Lemma maxchain_glue c1 c2 d1 d2 x : maxchain (c1 ++ x :: c2) ->
  maxchain (d1 ++ x :: d2) -> maxchain (c1 ++ x :: d2).
Proof.
move=> hC hD; have [c1_x x_c2] := chain_mid_lt hC.1; have [d1_x x_d2] := chain_mid_lt hD.1.
have hE : is_chain (c1 ++ x :: d2).
  move: hC.1 hD.1; rewrite /is_chain !(sorted_pairwise lt_trans) !pairwise_cat.
  case/and3P=> _ -> _; case/and3P=> _ _ ->; rewrite !andbT.
  apply/allrelP=> a b aS; rewrite inE => /predU1P[->|bS]; first exact: c1_x.
  exact: lt_trans (c1_x a aS) (x_d2 b bS).
split=> // t ht Et y yt.
have cmp_y c : c \in c1 ++ x :: d2 -> y >=< c.
  by move=> cE; apply: (chain_comparable ht yt (Et c cE)).
have xE : x \in c1 ++ x :: d2 by rewrite mem_cat mem_head orbT.
rewrite mem_cat inE.
case/orP: (cmp_y x xE) => [y_x|x_y].
- have : y \in c1 ++ x :: c2.
    apply: maxchain_mem hC _ => c; rewrite mem_cat inE => /or3P[cS|/eqP->|cS].
    + by apply: cmp_y; rewrite mem_cat cS.
    + exact: le_comparable.
    + exact/le_comparable/ltW/(le_lt_trans y_x (x_c2 c cS)).
  rewrite mem_cat inE => /or3P[->//|->|yS]; first by rewrite orbT.
  by have := le_lt_trans y_x (x_c2 y yS); rewrite ltxx.
- have : y \in d1 ++ x :: d2.
    apply: maxchain_mem hD _ => c; rewrite mem_cat inE => /or3P[cS|/eqP->|cS].
    + by rewrite comparable_sym; apply/le_comparable/ltW/(lt_le_trans (d1_x c cS) x_y).
    + by rewrite comparable_sym; apply: le_comparable.
    + by apply: cmp_y; rewrite mem_cat inE cS !orbT.
  rewrite mem_cat inE => /or3P[yS|->|->]; rewrite ?orbT //.
  by have := lt_le_trans (d1_x y yS) x_y; rewrite ltxx.
Qed.

Lemma maxchain_interior_nonempty c1 c2 x : maxchain (c1 ++ x :: c2) ->
  ~ is_min x -> ~ is_max x -> c1 != [::] /\ c2 != [::].
Proof.
move=> hC nmin nmax; split; apply/eqP=> c_nil; move: hC; rewrite c_nil.
- by move/(maxchain_nth0_min (x0 := x)) => /(_ isT).
- move/(maxchain_last_max (x0 := x)); rewrite nth_last last_cat /=.
  by rewrite size_cat addn1 => /(_ isT).
Qed.

Lemma connected_maxchain1_eq a : poset_connected (T := T) -> maxchain [:: a] ->
  forall b, b = a.
Proof.
move=> hconn ha b.
have mem_a c : c >=< a -> c = a.
  move=> ca; apply/eqP; rewrite -mem_seq1.
  by apply: maxchain_mem => // ?; rewrite inE => /eqP->.
suff: b = a <-> a = a by case=> _ ->.
apply: (clos_rst_iff (P := eq^~ a)) (hconn b a) => u v uv.
split=> [ua|va]; apply: mem_a; first by rewrite comparable_sym -ua le_comparable.
by rewrite -va le_comparable.
Qed.

Lemma corner_nth E a c1 x c2 z : E = a :: c1 ++ x :: rcons c2 z ->
  [/\ size E = (size c1 + size c2).+3, nth x E 0 = a,
      nth x E (size c1).+1 = x & nth x E (size E).-1 = z].
Proof.
move=> ->; split=> //=; first by rewrite size_cat /= size_rcons; lia.
- by rewrite nth_cat ltnn subnn.
- by rewrite nth_last /= last_cat /= last_rcons.
Qed.

Lemma eq_from_pairs s1 s2 x0 : size s1 = size s2 -> (1 < size s1)%N ->
  (forall i j, (i < j < size s1)%N ->
     (nth x0 s1 i, nth x0 s1 j) = (nth x0 s2 i, nth x0 s2 j)) ->
  s1 = s2.
Proof.
move=> s12 s1_gt1 h; apply: (eq_from_nth (x0 := x0) s12) => k kS.
have [->|k0] := posnP k; first by move: (h 0%N 1%N); rewrite s1_gt1 => /(_ isT) [].
by move: (h 0%N k); rewrite k0 kS => /(_ isT) [].
Qed.

Lemma chain_set_inj s1 s2 : is_chain s1 -> is_chain s2 ->
  [set x in s1] = [set x in s2] -> s1 = s2.
Proof.
move=> h1 h2 e; apply: (irr_sorted_eq lt_trans ltxx h1 h2) => x.
by have := congr1 (fun A : {set T} => x \in A) e; rewrite !inE.
Qed.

== TASK ITEM ==
Each line of the material must be restated exactly.

== EXERCISE RESPONSE ==
Lemma maxchain_glue c1 c2 d1 d2 x : maxchain (c1 ++ x :: c2) ->
  maxchain (d1 ++ x :: d2) -> maxchain (c1 ++ x :: d2).
Proof.
move=> hC hD; have [c1_x x_c2] := chain_mid_lt hC.1; have [d1_x x_d2] := chain_mid_lt hD.1.
have hE : is_chain (c1 ++ x :: d2).
  move: hC.1 hD.1; rewrite /is_chain !(sorted_pairwise lt_trans) !pairwise_cat.
  case/and3P=> _ -> _; case/and3P=> _ _ ->; rewrite !andbT.
  apply/allrelP=> a b aS; rewrite inE => /predU1P[->|bS]; first exact: c1_x.
  exact: lt_trans (c1_x a aS) (x_d2 b bS).
split=> // t ht Et y yt.
have cmp_y c : c \in c1 ++ x :: d2 -> y >=< c.
  by move=> cE; apply: (chain_comparable ht yt (Et c cE)).
have xE : x \in c1 ++ x :: d2 by rewrite mem_cat mem_head orbT.
rewrite mem_cat inE.
case/orP: (cmp_y x xE) => [y_x|x_y].
- have : y \in c1 ++ x :: c2.
    apply: maxchain_mem hC _ => c; rewrite mem_cat inE => /or3P[cS|/eqP->|cS].
    + by apply: cmp_y; rewrite mem_cat cS.
    + exact: le_comparable.
    + exact/le_comparable/ltW/(le_lt_trans y_x (x_c2 c cS)).
  rewrite mem_cat inE => /or3P[->//|->|yS]; first by rewrite orbT.
  by have := le_lt_trans y_x (x_c2 y yS); rewrite ltxx.
- have : y \in d1 ++ x :: d2.
    apply: maxchain_mem hD _ => c; rewrite mem_cat inE => /or3P[cS|/eqP->|cS].
    + by rewrite comparable_sym; apply/le_comparable/ltW/(lt_le_trans (d1_x c cS) x_y).
    + by rewrite comparable_sym; apply: le_comparable.
    + by apply: cmp_y; rewrite mem_cat inE cS !orbT.
  rewrite mem_cat inE => /or3P[yS|->|->]; rewrite ?orbT //.
  by have := lt_le_trans (d1_x y yS) x_y; rewrite ltxx.
Qed.

Lemma maxchain_interior_nonempty c1 c2 x : maxchain (c1 ++ x :: c2) ->
  ~ is_min x -> ~ is_max x -> c1 != [::] /\ c2 != [::].
Proof.
move=> hC nmin nmax; split; apply/eqP=> c_nil; move: hC; rewrite c_nil.
- by move/(maxchain_nth0_min (x0 := x)) => /(_ isT).
- move/(maxchain_last_max (x0 := x)); rewrite nth_last last_cat /=.
  by rewrite size_cat addn1 => /(_ isT).
Qed.

Lemma connected_maxchain1_eq a : poset_connected (T := T) -> maxchain [:: a] ->
  forall b, b = a.
Proof.
move=> hconn ha b.
have mem_a c : c >=< a -> c = a.
  move=> ca; apply/eqP; rewrite -mem_seq1.
  by apply: maxchain_mem => // ?; rewrite inE => /eqP->.
suff: b = a <-> a = a by case=> _ ->.
apply: (clos_rst_iff (P := eq^~ a)) (hconn b a) => u v uv.
split=> [ua|va]; apply: mem_a; first by rewrite comparable_sym -ua le_comparable.
by rewrite -va le_comparable.
Qed.

Lemma corner_nth E a c1 x c2 z : E = a :: c1 ++ x :: rcons c2 z ->
  [/\ size E = (size c1 + size c2).+3, nth x E 0 = a,
      nth x E (size c1).+1 = x & nth x E (size E).-1 = z].
Proof.
move=> ->; split=> //=; first by rewrite size_cat /= size_rcons; lia.
- by rewrite nth_cat ltnn subnn.
- by rewrite nth_last /= last_cat /= last_rcons.
Qed.

Lemma eq_from_pairs s1 s2 x0 : size s1 = size s2 -> (1 < size s1)%N ->
  (forall i j, (i < j < size s1)%N ->
     (nth x0 s1 i, nth x0 s1 j) = (nth x0 s2 i, nth x0 s2 j)) ->
  s1 = s2.
Proof.
move=> s12 s1_gt1 h; apply: (eq_from_nth (x0 := x0) s12) => k kS.
have [->|k0] := posnP k; first by move: (h 0%N 1%N); rewrite s1_gt1 => /(_ isT) [].
by move: (h 0%N k); rewrite k0 kS => /(_ isT) [].
Qed.

Lemma chain_set_inj s1 s2 : is_chain s1 -> is_chain s2 ->
  [set x in s1] = [set x in s2] -> s1 = s2.
Proof.
move=> h1 h2 e; apply: (irr_sorted_eq lt_trans ltxx h1 h2) => x.
by have := congr1 (fun A : {set T} => x \in A) e; rewrite !inE.
Qed.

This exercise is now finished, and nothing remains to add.